De verdad les agradeceria sus ideas, sus tips y cualquier duda haganmela saber...

Sin mas por el momento me despido con un coordial saludo a todos


----------



## raven_hp (Mar 24, 2009)

Querida comunidad, deseo compartirles con todo afecto que yo tengo la misma problemática que mi compañero y buen amigo riksoul2 [chadou]. Espero que alguien nos conteste amablemente, y gracias al compañero que subió la duda qeu ambos compartimos. u.u

Gracias y un cooordial saludo también de mi parte.


----------



## Fogonazo (Mar 24, 2009)

riksoul2 dijo:
			
		

> ....- Leer el nombre de la persona o matricula que presenta el examen, dicho nombre
> debe ser mostrado en un conjunto de display alfanuméricos o en una pantalla de tipo LCD.
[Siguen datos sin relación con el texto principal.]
Lemma achievable_relabel : (forall i, uniq (s i)) -> pairs_unique s ->
  achievable n p 2 (\sum_i size (s i)).
Proof.
move=> s_uniq s_pairs; exists relabel; split.
- move=> j; rewrite /relabel; case: insubP => // k _ _.
  by rewrite map_inj_uniq.
- apply/bridge_girth_gt2P => i j x y; rewrite /relabel.
  case: insubP => [ki _ val_ki|_]; last by case/and3P.
  case: insubP => [kj _ val_kj|_ _]; last by case/and3P.
  move=> Pi Pj; have /and3P[/mapP[x' _ ex] /mapP[y' _ ey] _] := Pi; subst x y.
  rewrite !precedes_map // in Pi Pj.
  have /enum_val_inj eq_k := s_pairs _ _ _ _ Pi Pj.
  by apply: val_inj; rewrite -val_ki -val_kj eq_k.
- pose size_at (k : nat) :=
    if insub k : option 'I_#|I| is Some k' then size (s (enum_val k')) else 0.
  rewrite /psize (big_enum_val (fun i => size (s i))) /=.
  rewrite [RHS](eq_bigr (size_at \o val)) => [|k _]; last by rewrite /size_at /= valK.
  rewrite (big_ord_widen _ size_at le_I_p) [RHS]big_mkcond; apply: eq_bigr => j _.
  by rewrite /relabel /size_at; case: insubP => [k -> _|/negbTE ->]; rewrite ?size_map.
Qed.

End Relabel.

(** * Upper bounds *)

Lemma sum_nat_boolE (I : finType) (b : pred I) : \sum_i (b i : nat) = #|b|.
Proof.
rewrite -sum1_card [RHS]big_mkcond; apply: eq_bigr => i _.
by rewrite unfold_in; case: (b i).
Qed.
Lemma rank2_inner_le m n (U : 'M[R]_m) (V : 'M[R]_n) (t : nat -> R)
    (a c : 'cV[R]_m) (b e : 'cV[R]_n) :
  orthogonal_mx U -> orthogonal_mx V ->
  (forall k, 0 <= t k) -> (forall i j, (i <= j)%N -> t j <= t i) ->
  frob_inner a c = 0 ->
  frob_inner (U *m rect_diag_mx m n t *m V^T) (a *m b^T + c *m e^T) <=
    (t 0%N + t 1%N) * frob_norm (a *m b^T + c *m e^T).
Proof.
have frob_norm0 p q : frob_norm (0 : 'M[R]_(p, q)) = 0 by rewrite /frob_norm frob_inner0r sqrtr0.
case: m U a c => [|m] U a c; first by rewrite [_ + _]flatmx0 frob_inner0r frob_norm0 mulr0.
case: n V b e => [|n] V b e; first by rewrite [_ + _]thinmx0 frob_inner0r frob_norm0 mulr0.
move=> UU VV t_ge0 t_noninc ac; set M := _ + _; set F := frob_norm M.
pose p := U^T *m a; pose q := V^T *m b; pose r := U^T *m c; pose g := V^T *m e.
pose z k := coordn p k * coordn q k + coordn r k * coordn g k.
have -> : frob_inner (U *m rect_diag_mx _ _ t *m V^T) M = \sum_(0 <= k < m.+1) t k * z k.
  rewrite frob_innerDr !frob_inner_svd_rank1 -big_split /=.
  by apply: eq_bigr => k _; rewrite mulrDr.
have MM : frob_inner M M = frob_inner a a * frob_inner b b + frob_inner c c * frob_inner e e.
  rewrite frob_innerDl !frob_innerDr !frob_inner_rank1 (frob_innerC c a) ac; ring.
have norm_le (x : 'cV[R]_m.+1) (y : 'cV[R]_n.+1) :
    frob_inner x x * frob_inner y y <= frob_inner M M -> frob_norm x * frob_norm y <= F.
  by move=> le_M; rewrite /F /frob_norm -sqrtrM ?frob_inner_ge0 // ler_sqrt ?frob_inner_ge0.
apply: weighted_sum_le_top2 => // [|j].
  pose u : 'cV_m.+1 := U *m delta_mx 0 0; pose v : 'cV_n.+1 := V *m delta_mx 0 0.
  have coord0 k (W : 'M[R]_k.+1) (x : 'cV_k.+1) :
      coordn (W^T *m x) 0 = frob_inner (W *m delta_mx 0 0) x.
    by rewrite (coordn_ord _ ord0) frob_inner_mulmxl frob_innerC frob_inner_delta.
  have -> : z 0%N = frob_inner (u *m v^T) M.
    by rewrite frob_innerDr !frob_inner_rank1 /z !coord0.
  apply: le_trans (frob_inner_le _ _) _.
  rewrite /frob_norm frob_inner_rank1 !frob_inner_orthogonal ?orthogonal_mxT //.
  by rewrite !frob_inner_delta !mxE eqxx mulr1 sqrtr1 mul1r.
have := sum_coordn_mul_le p q j; have := sum_coordn_mul_le r g j.
rewrite /p /q /r /g !frob_norm_orthogonal ?trmxK //.
have := norm_le a b; have := norm_le c e; rewrite MM lerDl lerDr !mulr_ge0 ?frob_inner_ge0 //.
rewrite big_split /=; lra.
Qed.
Para esto necesitas un sistema de reconocimiento de texto OCR, y además no creo que logre determinar con suficiente precisión los nombre de todos por las diferentes formas de escritura caligráfica, en todo caso se necesita la capacidad de una PC.



> -Mostrar solamente la cantidad de respuestas correctas en un conjunto de displays o
> en una pantalla de tipo LCD.
> 
> - Configurar las repuestas del examen, ya que no siempre se aplica el mismo.


Para esto puedes emplear una matriz con calados donde caen las respuestas (Multiple Choice) en cada calado se coloca un sensor por reflexión, si el casillero esta tildado, la reflexión sera nula, si esta en blanco el mismo blanco del papel produce reflexión y da un estado alto en el sensor.
Las respuestas siempre deben caer dentro de la zona de los lectores, para lo cual se pre-imprime en la hoja del examen cuadrados a tildar.

El análisis de respuestas lo puedes hacer mediante un PIC que determine los aciertos o no de acuerdo a datos pre-grabados, comparando lo leído con lo grabado.
Por ejemplo:
Un examen XX dará una serie de respuestas posibles A, B, C, D de las cuales solo es válida una, es un numero de 2 bit´s.

El valor leído se compara con el valor grabado (Distinto para examen), solo es cuestión de hacer 2 sumas, una de las coincidencias y otras de la NO coincidencias



> la hoja de respuesta a utilizar es el examen del TOEFL.


No se que es eso


----------



## scarabadmaster (Mar 25, 2009)

La hoja de respuestas tipo TOEFL es como la que que esta en los archivos adjuntos . Saludos.


----------



## raven_hp (Mar 25, 2009)

gracias estimado compañero por subir la hoja de respuestas del toefl, en nombre de la querida comunidad de electrónica se le agradece! 
Pero no esta completa x_x


----------



## Chico3001 (Mar 25, 2009)

Se tendria que hacer un lector con leds y fotodiodos, se hace pasar la hoja de respuestas atravez de este lector y las marcas de lapiz van a bloquear el rayo de luz, con eso podemos saber la respuesta, para identificar la pregunta se usan las marcas impresas en negro que estan en el borde de la pagina, es un metodo muy sencillo

La bronca sigue siendo el nombre...  a menos que venga codificado de la misma manera en una hoja de respuestas, van a tener que usar un lector OCR para poder identificar los datos...


----------



## Eduardo (Mar 25, 2009)

Por mas que resuelvas la parte electronica de la manera que sea, te va a quedar la parte mecanica. Porque a la hoja tenes que acomodarla sobre una superficie plana y hacer la exploracion o arrastrarla como en un fax.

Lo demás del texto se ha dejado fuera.